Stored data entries
====================

Lemma stellar_homeomorphic :
  homeomorphic (geom_realization (stellar X s w)) (geom_realization X).
Proof.
exists of_stellar, to_stellar.
split; first exact: continuous_subspaceT continuous_of_stellar.
split; first exact: continuous_subspaceT continuous_to_stellar.
split; first exact: of_stellar_realization.
split; first exact: to_stellar_realization.
split; first exact: to_of_stellar.
exact: of_to_stellar.
Qed.

Lemma stellar_simplicial :
  simplicial_complex X -> simplicial_complex (stellar X s w).
Proof.
move=> [X0 X_closed]; split.
  apply/negP => /stellarP [[X0' _]|[r _ /setP /(_ w)]]; first by rewrite X0' in X0.
  by rewrite !inE eqxx.
move=> a b /stellarP a_face ba b0; apply/stellarP.
case: a_face => [[aX a_neq_s]|[r rs ar]].
  left; split; first exact: X_closed aX ba b0.
  by apply: contra a_neq_s => /eqP bs; rewrite (s_facet aX) // -bs.
have b_wr : b :\ w \subset r.
  apply/fintype.subsetP => u; rewrite !inE => /andP[uw ub].
  by move: (fintype.subsetP ba u ub); rewrite ar !inE (negbTE uw).
have b_rs : b :\ w \proper s := sub_proper_trans b_wr rs.
have [wb|wb] := boolP (w \in b).
  by right; exists (b :\ w); rewrite // finset.setD1K.
have b_s : b \proper s.
  apply: (sub_proper_trans _ rs); apply: fintype.subset_trans b_wr.
  by apply/fintype.subsetP => u ub; rewrite !inE ub andbT; apply: contraNneq wb => <-.
left; split; first exact: X_closed s_in_X (proper_sub b_s) b0.
by apply: contraTneq b_s => ->; rewrite fintype.properxx.
Qed.

End StellarSubdivision.

Section SimplexBoundary.
Variables (V : finType) (n : nat) (a : 'I_n.+2 -> V).
Implicit Types (x : 'rV[R]_#|V|) (z : 'rV[R]_n.+1).

Definition simplex_vertices : {set V} := [set a i | i in 'I_n.+2].

Definition simplex_boundary : {set {set V}} :=
  [set t : {set V} | (t != finset.set0) && (t \proper simplex_vertices)].

Lemma simplex_boundary_simplicial : simplicial_complex simplex_boundary.
Proof.
split; first by rewrite inE eqxx.
move=> s t; rewrite !inE => /andP[_ sp] ts ->; exact: sub_proper_trans ts sp.
Qed.

Hypothesis a_inj : injective a.
Local Open Scope ring_scope.

(* [to_sphere] is the radial projection from the barycentre, read in the affine
   chart x |-> (x_(a j) - x_(a (n+1)))_j of the hyperplane of barycentric
   coordinates; [of_sphere] inverts it by shifting the extended coordinates
   (z, 0) until their minimum is 0 and normalising their sum to 1. *)
Definition centered x : 'rV[R]_n.+1 :=
  \row_j (vcoord x (a (lift ord_max j)) - vcoord x (a ord_max)).
Definition sqnorm z : R := \sum_j z ord0 j ^+ 2.
Definition to_sphere x : 'rV[R]_n.+1 := (Num.sqrt (sqnorm (centered x)))^-1 *: centered x.

Definition zmin z : R := \big[Order.min/0]_j z ord0 j.
Definition shifted z (i : 'I_n.+2) : R :=
  (if unlift ord_max i is Some j then z ord0 j else 0) - zmin z.
Definition shifted_sum z : R := \sum_i shifted z i.
Definition of_sphere z : 'rV[R]_#|V| :=
  row_of_fun (fun v =>
    if [pick i | a i == v] is Some i then shifted z i / shifted_sum z else 0).

Lemma shifted_lift z j : shifted z (lift ord_max j) = z ord0 j - zmin z.
Proof. by rewrite /shifted liftK. Qed.
(* In the Rustichini setting there exists a game-dependent constant $\operatorname{Lip}_\Delta<\infty$ such that for every nonempty $F\in\mathcal F$ and every $x\in\mathcal K$, $$\max_{\pi\in\mathcal N(F)}\Delta(\pi,x)\le\operatorname{Lip}_\Delta\operatorname{dist}_1(x,F).$$
   Context: Rustichini setting: a $k$-action partial monitoring game with finite latent space $\mathcal Z$, loss $\mathcal L:[k]\times\mathcal Z\to[0,1]$, signal $\mathcal S:[k]\times\mathcal Z\to\Sigma$; $\mathcal K$ = probability simplex on $\mathcal Z$ (a subset of $\mathbb R^{\mathcal Z}$); $\Delta_k$ = probability simplex on $[k]$; $\mathcal L(\pi,x)=\sum_{a,z}\pi(a)x(z)\mathcal L(a,z)$; $\mathcal S(a,x)$ = law of $\mathcal S(a,z)$, $z\sim x$; $x\,\mathrm R\,y$ iff $\mathcal S(a,x)=\mathcal S(a,y)$ for all $a$; $\mathcal V(\pi,x)=\sup_{y\,\mathrm R\,x}\mathcal L(\pi,y)$; $\mathcal V_\star(x)=\min_{\pi\in\Delta_k}\mathcal V(\pi,x)$; $\Delta(\pi,x)=\mathcal V(\pi,x)-\mathcal V_\star(x)$. $m$ is the smallest integer with $\mathcal V_\star(x)=\min_{\alpha\in[m]}\mathcal V^m(x)_\alpha$ for some linear $\mathcal V^m:\mathcal K\to\mathbb R^m$; cells $P_\alpha=\{x\in\mathcal K:\mathcal V_\star(x)=\mathcal V^m(x)_\alpha\}$; $\mathcal F=\bigcup_{\alpha\in[m]}\operatorname{faces}(P_\alpha)$. $\mathcal N(x)=\{\pi\in\Delta_k:\Delta(\pi,x)=0\}$; for nonempty $F\in\mathcal F$, $\mathcal N(F)=\mathcal N(x)$ for any $x$ in the relative interior of $F$ (this does not depend on the choice of $x$). $\operatorname{dist}_1(x,F)=\min_{y\in F}\|x-y\|_1$. *)

From HB Require Import structures.
From mathcomp Require Import all_boot all_order all_algebra.
From mathcomp Require Import boolp classical_sets reals.
Set Implicit Arguments. Unset Strict Implicit. Unset Printing Implicit Defensive.
Import Order.TTheory GRing.Theory Num.Theory.
Local Open Scope ring_scope.
Local Open Scope classical_set_scope.

Section Rustichini.
Variables (R : realType) (k : nat) (Z : finType) (Sigma : eqType).
Variables (L : 'I_k -> Z -> R) (S : 'I_k -> Z -> Sigma).

Definition simplex (T : finType) : set (T -> R) :=
  [set x | (forall t, 0 <= x t) /\ \sum_(t : T) x t = 1].

(* K = simplex Z ; Delta_k = simplex 'I_k *)

Definition lossE (pi : 'I_k -> R) (x : Z -> R) : R :=
  \sum_(a : 'I_k) \sum_(z : Z) pi a * x z * L a z.

(* x R y : the laws of S(a,z), z ~ x and z ~ y, coincide for every action a *)
Definition sig_rel (x y : Z -> R) : Prop :=
  forall (a : 'I_k) (s : Sigma),
    \sum_(z : Z | S a z == s) x z = \sum_(z : Z | S a z == s) y z.

Definition Vfun (pi : 'I_k -> R) (x : Z -> R) : R :=
  sup [set lossE pi y | y in [set y | simplex y /\ sig_rel y x]].

(* V_*(x) = min_{pi in Delta_k} V(pi, x) (the min is attained, so inf = min) *)
Definition Vstar (x : Z -> R) : R :=
  inf [set Vfun pi x | pi in @simplex 'I_k].

Definition Delta (pi : 'I_k -> R) (x : Z -> R) : R := Vfun pi x - Vstar x.

Definition Nset (x : Z -> R) : set ('I_k -> R) :=
  [set pi | simplex pi /\ Delta pi x = 0].

(* linear maps K -> R^m, given by coefficient vectors c alpha : R^Z *)
Definition linv (m : nat) (c : 'I_m -> Z -> R) (alpha : 'I_m) (x : Z -> R) : R :=
  \sum_(z : Z) c alpha z * x z.

Definition min_repr (m : nat) (c : 'I_m -> Z -> R) : Prop :=
  forall x, simplex x ->
    (exists alpha, Vstar x = linv c alpha x) /\
    (forall beta, Vstar x <= linv c beta x).

Definition minimal_repr (m : nat) (c : 'I_m -> Z -> R) : Prop :=
  min_repr c /\ forall (m' : nat) (c' : 'I_m' -> Z -> R), min_repr c' -> (m <= m')%N.

Definition cell (m : nat) (c : 'I_m -> Z -> R) (alpha : 'I_m) : set (Z -> R) :=
  [set x | simplex x /\ Vstar x = linv c alpha x].

End Rustichini.

Section Geometry.
Variables (R : realType) (Z : finType).

Definition dotp (a x : Z -> R) : R := \sum_(z : Z) a z * x z.

(* faces of a polytope P: intersections of P with the boundary hyperplane of a
   valid linear inequality (includes the empty face and P itself) *)
Definition face (P F : set (Z -> R)) : Prop :=
  exists (a : Z -> R) (b : R),
    (forall x, P x -> dotp a x <= b) /\ F = [set x | P x /\ dotp a x = b].

Definition aff_hull (F : set (Z -> R)) : set (Z -> R) :=
  [set y | exists (n : nat) (p : 'I_n -> Z -> R) (w : 'I_n -> R),
     (forall i, F (p i)) /\ \sum_(i < n) w i = 1 /\
     forall z, y z = \sum_(i < n) w i * p i z].

Definition norm1 (x : Z -> R) : R := \sum_(z : Z) `|x z|.

Definition relint (F : set (Z -> R)) : set (Z -> R) :=
  [set x | F x /\ exists eps : R, 0 < eps /\
     forall y, aff_hull F y -> norm1 (fun z => y z - x z) < eps -> F y].

Definition dist1 (x : Z -> R) (F : set (Z -> R)) : R :=
  inf [set norm1 (fun z => x z - y z) | y in F].

End Geometry.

====================

TASK OBJECTIVE - Print, exactly as written, the first line of the records above and each line after it until the line with "Implicit Types (x", which is printed too.

YOUR SOLUTION -
Lemma stellar_homeomorphic :
  homeomorphic (geom_realization (stellar X s w)) (geom_realization X).
Proof.
exists of_stellar, to_stellar.
split; first exact: continuous_subspaceT continuous_of_stellar.
split; first exact: continuous_subspaceT continuous_to_stellar.
split; first exact: of_stellar_realization.
split; first exact: to_stellar_realization.
split; first exact: to_of_stellar.
exact: of_to_stellar.
Qed.

Lemma stellar_simplicial :
  simplicial_complex X -> simplicial_complex (stellar X s w).
Proof.
move=> [X0 X_closed]; split.
  apply/negP => /stellarP [[X0' _]|[r _ /setP /(_ w)]]; first by rewrite X0' in X0.
  by rewrite !inE eqxx.
move=> a b /stellarP a_face ba b0; apply/stellarP.
case: a_face => [[aX a_neq_s]|[r rs ar]].
  left; split; first exact: X_closed aX ba b0.
  by apply: contra a_neq_s => /eqP bs; rewrite (s_facet aX) // -bs.
have b_wr : b :\ w \subset r.
  apply/fintype.subsetP => u; rewrite !inE => /andP[uw ub].
  by move: (fintype.subsetP ba u ub); rewrite ar !inE (negbTE uw).
have b_rs : b :\ w \proper s := sub_proper_trans b_wr rs.
have [wb|wb] := boolP (w \in b).
  by right; exists (b :\ w); rewrite // finset.setD1K.
have b_s : b \proper s.
  apply: (sub_proper_trans _ rs); apply: fintype.subset_trans b_wr.
  by apply/fintype.subsetP => u ub; rewrite !inE ub andbT; apply: contraNneq wb => <-.
left; split; first exact: X_closed s_in_X (proper_sub b_s) b0.
by apply: contraTneq b_s => ->; rewrite fintype.properxx.
Qed.

End StellarSubdivision.

Section SimplexBoundary.
Variables (V : finType) (n : nat) (a : 'I_n.+2 -> V).
Implicit Types (x : 'rV[R]_#|V|) (z : 'rV[R]_n.+1).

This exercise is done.